Methodology: A retrospective analysis was conducted on 78 patients diagnosed with MRKH syndrome who underwent neovaginal reconstruction from January 2024 to April 2025. Data were collected from tertiary care surgery and gynecology departments located in Karachi, Lahore, Islamabad, Rawalpindi, Faisalabad, and other large metropolitan areas. Patients were selected through a non-probability convenience sampling technique. All participants had confirmed 46, XX karyotype and were diagnosed via clinical and imaging assessments by certified gynecologists. Surgical reconstruction was performed using the standardized Abbe–McIndoe technique, employing split-thickness autologous skin grafts. Perioperative, intraoperative, and long-term postoperative outcomes were systematically recorded and analyzed.

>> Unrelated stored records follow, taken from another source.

Lemma shifted_focus_facts p' q s : 0 < s < vnorm (vsub q p') ->
  let A' := vscal (/ vnorm (vsub q p')) (vsub q p') in
  let p's := vadd p' (vscal s A') in
  vsub q p's = vscal ((vnorm (vsub q p') - s) / vnorm (vsub q p')) (vsub q p') /\
  vnorm (vsub q p's) = vnorm (vsub q p') - s /\ vnorm (vsub p's p') = s /\ vnorm A' = 1.
Proof.
  intros Hs A' p's.
  set (r := vnorm (vsub q p')) in *. assert (Hr: 0 < r) by lra.
  assert (E: vsub q p's = vscal ((r - s) / r) (vsub q p')) by (unfold p's, A'; vec_split; field; lra).
  assert (HA: vnorm A' = 1).
  { unfold A'. rewrite vnorm_scal, Rabs_pos_eq by (left; apply Rinv_0_lt_compat; lra).
    fold r. field; lra. }
  split; auto. split; [| split; auto].
  - rewrite E, vnorm_scal. fold r. rewrite Rabs_pos_eq.
    + field; lra.
    + unfold Rdiv; apply Rmult_le_pos; [lra| left; apply Rinv_0_lt_compat; lra].
  - unfold p's. replace (vsub (vadd p' (vscal s A')) p') with (vscal s A') by vec_ring.
    rewrite vnorm_scal, HA, Rabs_pos_eq; lra.
Qed.

Lemma ray_below_level a d y y' c T r : phi a y y' < c -> 0 <= T < r ->
  phi (vadd a (vscal r d)) y y' = c -> phi (vadd a (vscal T d)) y y' < c.
Proof.
  intros Ha HT Hr.
  assert (Ht: 0 <= T / r <= 1).
  { split. apply Rdiv_le_0_compat'; lra.
    apply Rmult_le_reg_r with r; [lra|]. unfold Rdiv. rewrite Rmult_assoc, Rinv_l by lra. lra. }
  assert (Ht1: T / r < 1).
  { apply Rmult_lt_reg_r with r; [lra|]. unfold Rdiv. rewrite Rmult_assoc, Rinv_l by lra. lra. }
  pose proof (phi_convex a (vadd a (vscal r d)) y y' (T / r) Ht) as HC.
  replace (vadd a (vscal (T / r) (vsub (vadd a (vscal r d)) a))) with (vadd a (vscal T d)) in HC
    by (vec_split; field; lra).
  rewrite Hr in HC. nra.
Qed.

Lemma ray_level_unique a d y y' c T r : phi a y y' < c -> 0 < T -> 0 < r ->
  phi (vadd a (vscal T d)) y y' = c -> phi (vadd a (vscal r d)) y y' = c -> T = r.
Proof.
  intros Ha HT Hr HcT Hcr.
  destruct (Rtotal_order T r) as [Hlt|[Heq|Hgt]]; auto; exfalso.
  - pose proof (ray_below_level a d y y' c T r Ha ltac:(lra) Hcr). lra.
  - pose proof (ray_below_level a d y y' c r T Ha ltac:(lra) HcT). lra.
Qed.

Results & Findings: The mean age of participants was 21.4 years (range: 15–32 years). All patients exhibited a normal female karyotype (46, XX) with absence of the uterus and proximal vagina, and normal development of secondary sexual characteristics. The mean operative time was 3.1 ± 0.5 hours. The average neovaginal length achieved postoperatively was 10.7 ± 1.1 cm. Early complications included rectovaginal fistula in 2 patients (2.6%) and superficial graft necrosis in 4 patients (5.1%), all managed by surgeons. At six-month follow-up, 89.7% of patients reported satisfactory anatomical and functional outcomes, with 82% achieving regular and pain-free sexual intercourse. No cases of graft rejection or severe infections were documented.
Conclusion: The Abbe–McIndoe technique remains a reliable and effective surgical modality for neovaginal construction in patients with MRKH syndrome, particularly in resource-limited settings. The results from this large multicenter Pakistani cohort reinforce the safety and functional efficacy of this technique when performed in specialized centers. However, there is an urgent need for increased awareness, surgeon training, and multidisciplinary collaboration to address the unmet surgical needs of MRKH patients in developing countries.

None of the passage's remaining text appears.